From the Photographer:

I began to seriously consider a project about Lake View Cemetery shortly after I finished my book about Stan Hywet Hall and Gardens (Akron, Ohio), in 1999. Within walking distance of where I live in Cleveland Heights, Ohio, and rich in manmade and natural beauty, the cemetery was an appealing place to turn my gaze, literally and figuratively, and focus my personal interest in the art of photography. The more time I spent there over the next few years convinced me that it was fitting subject for an in depth and ongoing photographic study.

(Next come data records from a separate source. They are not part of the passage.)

Lemma X20_not_beyond_C : ~ Atrace_beyond_C (ETC 20 a b c).
Proof.
  destruct (SA_pos a b c acute) as (Sa & Sb & Sc).
  pose proof acute as (Ha & Hb & Hc & _).
  assert (SA c a b < SA b c a) by (unfold SA; nra).
  unfold ETC; apply not_beyond_C; cbn [etc_first].
  set (sa := SA a b c); set (sb := SA b c a); set (sc := SA c a b).
  assert (0 < sb * sc + sb * sa - sc * sa) by (unfold sa, sb, sc in *; nra).
  replace (sb * sc + sb * sa - sc * sa + (sc * sa + sc * sb - sa * sb))
    with (2 * (sb * sc)) by ring.
  apply Rmult_le_pos; [lra | unfold sb, sc; nra].
Qed.

Lemma X22_not_beyond_C : ~ Atrace_beyond_C (ETC 22 a b c).
Proof.
  pose proof acute as (Ha & Hb & Hc & Habc & Hbca & Hcab & Ha2 & Hb2 & Hc2).
  unfold ETC; apply not_beyond_C; cbn [etc_first].
  set (x := a * a) in *; set (y := b * b) in *; set (z := c * c) in *.
  replace (b ^ 4) with (y * y) by (unfold y; ring).
  replace (c ^ 4) with (z * z) by (unfold z; ring).
  replace (a ^ 4) with (x * x) by (unfold x; ring).
  assert (0 < x) by (unfold x; nra).
  assert (y < z) by (unfold y, z; nra).
  assert (0 < y * (z * z + x * x - y * y)) by (apply Rmult_lt_0_compat; nra).
  replace (y * (z * z + x * x - y * y) + z * (x * x + y * y - z * z))
    with ((y + z) * ((x + y - z) * (x + z - y))) by ring.
  assert (0 < (y + z) * ((x + y - z) * (x + z - y))) by (repeat apply Rmult_lt_0_compat; lra).
  nra.
Qed.

Lemma X24_not_beyond_C : ~ Atrace_beyond_C (ETC 24 a b c).
Proof.
  destruct (SA_pos a b c acute) as (Sa & Sb & Sc).
  pose proof acute as (Ha & Hb & Hc & _ & _ & _ & Ha2 & Hb2 & Hc2).
  assert (SA b c a * SA b c a < 2 * (c * c) * (a * a)).
  { assert (SA b c a < 2 * (a * a)) by (unfold SA; lra).
    assert (SA b c a < c * c) by (unfold SA; nra).
    nra. }
  assert (SA c a b * SA c a b < 2 * (a * a) * (b * b)).
  { assert (SA c a b < a * a) by (unfold SA; nra).
    assert (SA c a b < b * b) by (unfold SA; nra).
    nra. }
  unfold ETC; apply not_beyond_C_neg; cbn [etc_first].
  - assert (0 < b * b * (2 * c * c * (a * a) - SA b c a * SA b c a)) by
      (apply Rmult_lt_0_compat; nra).
    assert (0 < SA c a b * SA a b c) by nra.
    nra.
  - assert (0 < c * c * (2 * a * a * (b * b) - SA c a b * SA c a b)) by
      (apply Rmult_lt_0_compat; nra).
    assert (0 < SA a b c * SA b c a) by nra.
    nra.
Qed.

End Ordered_sides.

Lemma center_cases n : (1 <= n <= 29)%nat -> ~ (n = 16 \/ n = 23 \/ n = 26)%nat ->
  In n positive_centers \/ (n = 11 \/ n = 14 \/ n = 18 \/ n = 20 \/ n = 22 \/ n = 24)%nat.
Proof. simpl; lia. Qed.

Lemma area_13_14_15 : area 13 14 15 = 84.
Proof.
  unfold area.
  replace ((13 + 14 + 15) * (- (13) + 14 + 15) * (13 - 14 + 15) * (13 + 14 - 15)) with (336 * 336)
    by ring.
  rewrite sqrt_square; lra.
Qed.

Lemma acute_triangle_4_5_6 : acute_triangle 4 5 6.
Proof. unfold acute_triangle; lra. Qed.

Lemma acute_triangle_13_14_15 : acute_triangle 13 14 15.
Proof. unfold acute_triangle; lra. Qed.

Lemma X16_beyond_C : Atrace_beyond_C (ETC 16 13 14 15).
Proof.
  unfold ETC, Atrace_beyond_C; cbn [etc_first].
  rewrite (area_rot 13 14 15), (area_rot 14 15 13), (area_rot 13 14 15), area_13_14_15.
  unfold SA.
  pose proof sqrt3_sqr; pose proof sqrt3_pos.
  assert (1.7 < sqrt 3 < 1.8) by nra.
  assert (0 < 14 * 14 * (sqrt 3 * (15 * 15 + 13 * 13 - 14 * 14) - 4 * 84)) by lra.
  assert (14 * 14 * (sqrt 3 * (15 * 15 + 13 * 13 - 14 * 14) - 4 * 84)
          + 15 * 15 * (sqrt 3 * (13 * 13 + 14 * 14 - 15 * 15) - 4 * 84) < 0) by lra.
  nra.
Qed.

Lemma X23_beyond_C : Atrace_beyond_C (ETC 23 4 5 6).
Proof. unfold ETC, Atrace_beyond_C; cbn [etc_first]; lra. Qed.

Lemma X26_beyond_C : Atrace_beyond_C (ETC 26 4 5 6).
Proof. unfold ETC, Atrace_beyond_C; cbn [etc_first]; unfold SA; lra. Qed.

I find Lake View to be an endlessly evocative and fertile area of exploration. Every season and time of day is visually rich and it was a surprise to realize that its essence is a celebration of life, change and renewal, quite different from the usual associations people have with cemeteries. Working there has a constant process of discovery that leads me to new vistas, both of the landscape itself and my own inner world. This collection of images, excerpted from The Lake View Cemetery: Photographs From Cleveland’s Historic Landmark, are a meditation on what I see and the fundamental questions of who am I and what is the purpose of life.

In this series I have embraced the essential elements that define Lake View— the sense of history, art and architecture, horticulture, topography, and the presence of the living and the dead. The collection is a deeply personal interpretation of my experience and the topics that interest me: craftsmanship, light, metaphor and abstraction, scale, geometry, space and time, color, texture and design, and ultimately how we are fed by new impressions of ourselves in the world around us.

I have tried to honor the planners, the minds and hands that created the gravestones and monuments and the feelings of the families that commissioned them, and  the labors of all the men and women who have made Lake View a magnificent arboretum and sanctuary.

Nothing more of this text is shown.